Lemma reduced_map (f : V -> V) : (forall u v, f u = f v -> u = v) ->
  forall l u, reduced u l -> reduced (f u) (map f l).
Proof.
  intros Hf. induction l as [|x [|y l'] IH]; intros u R; simpl in *; auto.
  destruct R as [R1 R2]. split; [intro E; apply R1, Hf, E | exact (IH x R2)].
Qed.

Lemma avoids_but_last_map (P : V -> Prop) (f : V -> V) : (forall v, P (f v) -> P v) ->
  forall l u, avoids_but_last P u l -> avoids_but_last P (f u) (map f l).
Proof.
  intros Hf. induction l as [|x l IH]; intros u Hl; simpl in *; auto.
  destruct Hl as [H1 H2]. split; [intro E; apply H1, Hf, E | exact (IH x H2)].
Qed.

Context (adj : V -> V -> Prop).

Lemma is_walk_map (f : V -> V) : (forall u v, adj u v -> adj (f u) (f v)) ->
  forall l u v, is_walk adj u l v -> is_walk adj (f u) (map f l) (f v).
Proof.
  intros Hf. induction l as [|x l IH]; simpl; intros u v W.
  - now subst.
  - destruct W. split; auto.
Qed.

Lemma is_walk_snoc l : forall u z y,
  is_walk adj u l z -> adj z y -> is_walk adj u (l ++ [y]) y.
Proof.
  induction l as [|x l IH]; simpl; intros u z y W A.
  - now subst.
  - destruct W; split; eauto.
Qed.

Lemma penultimate_snoc l : forall u z y,
  is_walk adj u l z -> penultimate u (l ++ [y]) = Some z.
Proof.
  induction l as [|x [|w l'] IH]; simpl; intros u z y W.
  - now subst.
  - now destruct W as [_ ->].
  - exact (IH x z y (proj2 W)).
Qed.

Lemma reduced_walk_le l : forall u v, is_walk adj u l v ->
  exists l', is_walk adj u l' v /\ reduced u l' /\ (length l' <= length l)%nat.
Proof.
  induction l as [|x l IH]; intros u v W.
  - exists nil. simpl in *. auto.
  - destruct W as [Hux W]. destruct (IH _ _ W) as [[|y l'] [W' [R' L']]].
    + exists [x]. simpl in *. repeat split; auto. lia.
    + destruct (classic (y = u)) as [->|Hy].
      * exists l'. simpl in *. repeat split; [tauto | eapply reduced_tail; eauto | lia].
      * exists (x :: y :: l'). simpl in *. destruct W'. repeat split; auto. lia.
Qed.

Lemma dist_unique u v n m : dist adj u v n -> dist adj u v m -> n = m.
Proof.
  intros [l1 [W1 [<- H1]]] [l2 [W2 [<- H2]]].
  specialize (H1 _ W2). specialize (H2 _ W1). lia.
Qed.

End Walks.

Section Tree.
Context {V : Type} (adj : V -> V -> Prop) (hT : is_tree adj).

Lemma adj_sym u v : adj u v -> adj v u.
Proof. exact (proj1 hT u v). Qed.

Lemma reduced_walk_unique u v l1 l2 :
  is_walk adj u l1 v -> reduced u l1 -> is_walk adj u l2 v -> reduced u l2 -> l1 = l2.
Proof.
  intros. destruct (proj2 (proj2 hT) u v) as [l [_ [_ Hl]]].
  rewrite (Hl l1), (Hl l2); auto.
Qed.

Lemma dist_reduced_walk u v l :
  is_walk adj u l v -> reduced u l -> dist adj u v (length l).
Proof.
  intros W R. exists l. repeat split; auto. intros l' W'.
  destruct (reduced_walk_le adj l' u v W') as [l2 [W2 [R2 L2]]].
  now rewrite (reduced_walk_unique u v l l2).
Qed.

Section Path.
Context {I : Z -> Prop} {p : Z -> V} (hP : is_path adj I p).

Lemma proj_unique v q q' : proj adj I p v q -> proj adj I p v q' -> q = q'.
Proof.
  intros [Hq H1] [Hq' H2]. apply NNPP. intro E.
  destruct (H1 q' Hq' (not_eq_sym E)) as [n [m [D1 [D2 L]]]].
  destruct (H2 q Hq E) as [n' [m' [D3 [D4 L']]]].
  pose proof (dist_unique adj _ _ _ _ D1 D4). pose proof (dist_unique adj _ _ _ _ D2 D3). lia.
Qed.

(* The hypothesis on the penultimate vertex of [l] rules out backtracking
   where [l] meets the path. *)
Lemma reduced_walk_extend_along_path (s : Z) i u l : (s = 1 \/ s = -1) ->
  is_walk adj u l (p i) -> reduced u l -> forall n : nat,
  ((1 <= n)%nat -> forall a, penultimate u l = Some a -> a <> p (i + s)) ->
  (forall k : nat, (k <= n)%nat -> I (i + s * Z.of_nat k)) ->
  exists sg, is_walk adj u (l ++ sg) (p (i + s * Z.of_nat n)) /\ reduced u (l ++ sg)
    /\ length sg = n /\ Forall (in_path I p) sg /\
    ((1 <= n)%nat -> penultimate u (l ++ sg) = Some (p (i + s * Z.of_nat (n - 1)))).
Proof.
  intros Hs W R n. destruct hP as [_ [_ [Pinj Padj]]].
  induction n as [|n IH]; intros Hpen HI.
  - exists nil. rewrite app_nil_r. replace (i + s * Z.of_nat 0) with i by lia.
    repeat split; auto. lia.
  - destruct IH as [sg [W1 [R1 [L1 [F1 P1]]]]].
    { intros _ a Ha. exact (Hpen ltac:(lia) a Ha). }
    { intros k Hk. apply HI. lia. }
    assert (Hn := HI n ltac:(lia)). assert (HSn := HI (S n) ltac:(lia)).
    assert (Astep : adj (p (i + s * Z.of_nat n)) (p (i + s * Z.of_nat (S n)))).
    { destruct Hs as [-> | ->].
      - replace (i + 1 * Z.of_nat (S n)) with (i + 1 * Z.of_nat n + 1) in * by lia. auto.
      - apply adj_sym.
        replace (i + -1 * Z.of_nat n) with (i + -1 * Z.of_nat (S n) + 1) in * by lia. auto. }
    exists (sg ++ [p (i + s * Z.of_nat (S n))]). rewrite app_assoc. repeat split.
    + eapply is_walk_snoc; eauto.
    + apply reduced_snoc; auto. intros a Ha. destruct n as [|n'].
      * destruct sg; [|discriminate]. rewrite app_nil_r in Ha.
        replace (i + s * Z.of_nat 1) with (i + s) by lia. auto.
      * rewrite P1 in Ha by lia. injection Ha as <-. intro E.
        apply Pinj in E; [lia | apply HI; lia | auto].
    + rewrite length_app. simpl. lia.
    + apply Forall_app. split; auto. constructor; auto. eexists; eauto.
    + intros _. replace (S n - 1)%nat with n by lia. eapply penultimate_snoc; eauto.
Qed.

--

**EXERCISE OBJECTIVE**
The data above should be returned exactly as written.

**PROBLEM SOLUTION**
Lemma reduced_map (f : V -> V) : (forall u v, f u = f v -> u = v) ->
  forall l u, reduced u l -> reduced (f u) (map f l).
Proof.
  intros Hf. induction l as [|x [|y l'] IH]; intros u R; simpl in *; auto.
  destruct R as [R1 R2]. split; [intro E; apply R1, Hf, E | exact (IH x R2)].
Qed.

Lemma avoids_but_last_map (P : V -> Prop) (f : V -> V) : (forall v, P (f v) -> P v) ->
  forall l u, avoids_but_last P u l -> avoids_but_last P (f u) (map f l).
Proof.
  intros Hf. induction l as [|x l IH]; intros u Hl; simpl in *; auto.
  destruct Hl as [H1 H2]. split; [intro E; apply H1, Hf, E | exact (IH x H2)].
Qed.

Context (adj : V -> V -> Prop).

Lemma is_walk_map (f : V -> V) : (forall u v, adj u v -> adj (f u) (f v)) ->
  forall l u v, is_walk adj u l v -> is_walk adj (f u) (map f l) (f v).
Proof.
  intros Hf. induction l as [|x l IH]; simpl; intros u v W.
  - now subst.
  - destruct W. split; auto.
Qed.

Lemma is_walk_snoc l : forall u z y,
  is_walk adj u l z -> adj z y -> is_walk adj u (l ++ [y]) y.
Proof.
  induction l as [|x l IH]; simpl; intros u z y W A.
  - now subst.
  - destruct W; split; eauto.
Qed.

Lemma penultimate_snoc l : forall u z y,
  is_walk adj u l z -> penultimate u (l ++ [y]) = Some z.
Proof.
  induction l as [|x [|w l'] IH]; simpl; intros u z y W.
  - now subst.
  - now destruct W as [_ ->].
  - exact (IH x z y (proj2 W)).
Qed.

Lemma reduced_walk_le l : forall u v, is_walk adj u l v ->
  exists l', is_walk adj u l' v /\ reduced u l' /\ (length l' <= length l)%nat.
Proof.
  induction l as [|x l IH]; intros u v W.
  - exists nil. simpl in *. auto.
  - destruct W as [Hux W]. destruct (IH _ _ W) as [[|y l'] [W' [R' L']]].
    + exists [x]. simpl in *. repeat split; auto. lia.
    + destruct (classic (y = u)) as [->|Hy].
      * exists l'. simpl in *. repeat split; [tauto | eapply reduced_tail; eauto | lia].
      * exists (x :: y :: l'). simpl in *. destruct W'. repeat split; auto. lia.
Qed.

Lemma dist_unique u v n m : dist adj u v n -> dist adj u v m -> n = m.
Proof.
  intros [l1 [W1 [<- H1]]] [l2 [W2 [<- H2]]].
  specialize (H1 _ W2). specialize (H2 _ W1). lia.
Qed.

End Walks.

Section Tree.
Context {V : Type} (adj : V -> V -> Prop) (hT : is_tree adj).

Lemma adj_sym u v : adj u v -> adj v u.
Proof. exact (proj1 hT u v). Qed.

Lemma reduced_walk_unique u v l1 l2 :
  is_walk adj u l1 v -> reduced u l1 -> is_walk adj u l2 v -> reduced u l2 -> l1 = l2.
Proof.
  intros. destruct (proj2 (proj2 hT) u v) as [l [_ [_ Hl]]].
  rewrite (Hl l1), (Hl l2); auto.
Qed.

Lemma dist_reduced_walk u v l :
  is_walk adj u l v -> reduced u l -> dist adj u v (length l).
Proof.
  intros W R. exists l. repeat split; auto. intros l' W'.
  destruct (reduced_walk_le adj l' u v W') as [l2 [W2 [R2 L2]]].
  now rewrite (reduced_walk_unique u v l l2).
Qed.

Section Path.
Context {I : Z -> Prop} {p : Z -> V} (hP : is_path adj I p).

Lemma proj_unique v q q' : proj adj I p v q -> proj adj I p v q' -> q = q'.
Proof.
  intros [Hq H1] [Hq' H2]. apply NNPP. intro E.
  destruct (H1 q' Hq' (not_eq_sym E)) as [n [m [D1 [D2 L]]]].
  destruct (H2 q Hq E) as [n' [m' [D3 [D4 L']]]].
  pose proof (dist_unique adj _ _ _ _ D1 D4). pose proof (dist_unique adj _ _ _ _ D2 D3). lia.
Qed.

(* The hypothesis on the penultimate vertex of [l] rules out backtracking
   where [l] meets the path. *)
Lemma reduced_walk_extend_along_path (s : Z) i u l : (s = 1 \/ s = -1) ->
  is_walk adj u l (p i) -> reduced u l -> forall n : nat,
  ((1 <= n)%nat -> forall a, penultimate u l = Some a -> a <> p (i + s)) ->
  (forall k : nat, (k <= n)%nat -> I (i + s * Z.of_nat k)) ->
  exists sg, is_walk adj u (l ++ sg) (p (i + s * Z.of_nat n)) /\ reduced u (l ++ sg)
    /\ length sg = n /\ Forall (in_path I p) sg /\
    ((1 <= n)%nat -> penultimate u (l ++ sg) = Some (p (i + s * Z.of_nat (n - 1)))).
Proof.
  intros Hs W R n. destruct hP as [_ [_ [Pinj Padj]]].
  induction n as [|n IH]; intros Hpen HI.
  - exists nil. rewrite app_nil_r. replace (i + s * Z.of_nat 0) with i by lia.
    repeat split; auto. lia.
  - destruct IH as [sg [W1 [R1 [L1 [F1 P1]]]]].
    { intros _ a Ha. exact (Hpen ltac:(lia) a Ha). }
    { intros k Hk. apply HI. lia. }
    assert (Hn := HI n ltac:(lia)). assert (HSn := HI (S n) ltac:(lia)).
    assert (Astep : adj (p (i + s * Z.of_nat n)) (p (i + s * Z.of_nat (S n)))).
    { destruct Hs as [-> | ->].
      - replace (i + 1 * Z.of_nat (S n)) with (i + 1 * Z.of_nat n + 1) in * by lia. auto.
      - apply adj_sym.
        replace (i + -1 * Z.of_nat n) with (i + -1 * Z.of_nat (S n) + 1) in * by lia. auto. }
    exists (sg ++ [p (i + s * Z.of_nat (S n))]). rewrite app_assoc. repeat split.
    + eapply is_walk_snoc; eauto.
    + apply reduced_snoc; auto. intros a Ha. destruct n as [|n'].
      * destruct sg; [|discriminate]. rewrite app_nil_r in Ha.
        replace (i + s * Z.of_nat 1) with (i + s) by lia. auto.
      * rewrite P1 in Ha by lia. injection Ha as <-. intro E.
        apply Pinj in E; [lia | apply HI; lia | auto].
    + rewrite length_app. simpl. lia.
    + apply Forall_app. split; auto. constructor; auto. eexists; eauto.
    + intros _. replace (S n - 1)%nat with n by lia. eapply penultimate_snoc; eauto.
Qed.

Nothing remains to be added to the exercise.